Sometimes I wonder if Frost would have been more successful at a school other than Nebraska. I think the idea of "Husker Power' poisoned his offense.
Well, he
was much more successful at a different school, and that school was UCF (even if it was a lucky flash in the pan). And I don't even know how we'd draw any straight lines to "Husker Power" and what he was doing as a composite of all 4.25 of his years here.
A lot of today's popular offenses were developed for this reason; to overcome offensive line talent disadvantages. The spread to run offense Frost used as a base is one of them. It's designed to run against light boxes and to use pulling linemen to create numbers advantages.
As the stats show, in years 1-3 we at least ranked in the top 30 nationally in rushing yards per game. And Jurgens pulled a lot, and was extremely good at it, and some of that scheme was actually fairly successful here.

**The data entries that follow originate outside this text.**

(* Fix $h\in\{2,\dots,H\}$. Let $\hat f=(\hat w,\hat\phi^F_{h-1},\hat\phi^B_h)$, i.e. $\hat f(x,a,x')=\hat w(\hat\phi^F_{h-1}(x),a,\hat\phi^B_h(x'))$, be the empirical square-loss risk minimizer over $\mathcal{F}_N$ on $n$ i.i.d. samples from $D$, and suppose $\mathbb{E}_D[(\hat f(x,a,x')-f^\star(x,a,x'))^2]\le\Delta_{reg}$ where $\Delta_{reg}=\frac{16(\ln|\Phi_N|+N^2|\mathcal{A}|\ln(n)+\ln(2/\delta))}{n}$. Then for each $i\in[N]$, $$\mathbb{E}_{D_{coup}}\big[1\{\hat\phi^B_h(x_1')=i=\hat\phi^B_h(x_2')\}\,|V(x_1',x_2',x,a)|\big]\le8\sqrt{b_i\Delta_{reg}}.$$
   Context: Block MDP: horizon $H$; finite latent states $\mathcal{S}=\sqcup_h\mathcal{S}_h$; countable observations $\mathcal{X}=\sqcup_h\mathcal{X}_h$; finite actions $\mathcal{A}$; transitions $T(\cdot\mid s,a)\in\Delta(\mathcal{S}_{h+1})$; emissions $q(\cdot\mid s)\in\Delta(\mathcal{X}_h)$ with disjoint supports, decoder $g^\star$; $T(x'\mid x,a)=q(x'\mid g^\star(x'))T(g^\star(x')\mid g^\star(x),a)$. $\Psi_{h-1}$ is a finite set of policies forming an $\alpha$-policy cover of $\mathcal{S}_{h-1}$ (so $\rho_h>0$ on reachable observations). $D$: draw two independent transitions $(x_j,a_j,x_j')$, each by rolling in to $x_j\in\mathcal{X}_{h-1}$ with a uniformly chosen policy of $\Psi_{h-1}$, $a_j\sim\mathrm{Unf}(\mathcal{A})$, $x_j'\sim T(\cdot\mid x_j,a_j)$; with probability $1/2$ output $(x_1,a_1,x_1',1)$, else $(x_1,a_1,x_2',0)$. $D(x,a)$ denotes the marginal of $(x_1,a_1)$ and $\rho_h$ the marginal of $x_1'$ on $\mathcal{X}_h$ (lifted to states by summing). $f^\star(x,a,x')=\frac{T(g^\star(x')\mid g^\star(x),a)}{T(g^\star(x')\mid g^\star(x),a)+\rho_h(g^\star(x'))}$. $D_{coup}$ is the distribution on $(x,a,x_1',x_2')$ with density $D(x,a)\rho_h(x_1')\rho_h(x_2')$. $V(x_1',x_2',x,a)=\frac{T(g^\star(x_1')\mid g^\star(x),a)}{\rho_h(g^\star(x_1'))}-\frac{T(g^\star(x_2')\mid g^\star(x),a)}{\rho_h(g^\star(x_2'))}$. $b_i=\mathbb{E}_{x'\sim\rho_h}[1\{\hat\phi^B_h(x')=i\}]$. $\Phi_N$ is a finite class of maps $\mathcal{X}\to[N]$; $\mathcal{W}_N$ all functions $[N]\times\mathcal{A}\times[N]\to[0,1]$; $\mathcal{F}_N=\{(x,a,x')\mapsto w(\phi^F(x),a,\phi^B(x'))\}$; $\delta\in(0,1)$. *)

From HB Require Import structures.
From mathcomp Require Import all_boot all_order all_algebra.
From mathcomp Require Import all_classical all_reals all_analysis.
Set Implicit Arguments. Unset Strict Implicit. Unset Printing Implicit Defensive.
Import Order.TTheory GRing.Theory Num.Theory.
Local Open Scope ring_scope.
Local Open Scope classical_set_scope.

But by the 2021 season, the offense as a whole was just fraught with unforced errors; there'd be false starts, turnovers, and even away-from-the-ball 15 yards penalties that would kill drives.
And as I mentioned in a part of that post that you didn't quote above (which is fine, there's no "tone" in what I'm saying here

), years 3 & 4 maybe didn't have as much outside/over the top talent as years 1 & 2 did. We did have Betts in year 4, but it wasn't enough.
So if the theory is that B1G defense are still big, strong, and lean more towards playing the box, what Frost was trying to do wasn't a bad idea. The scheme itself was in my opinion excellent not only in and of itself but also excellent for the B1G.
But a huge problem by years 4 & 5 were fairly bad issues with blocking in both the run and the pass, and then also tremendously bad issues with unforced errors.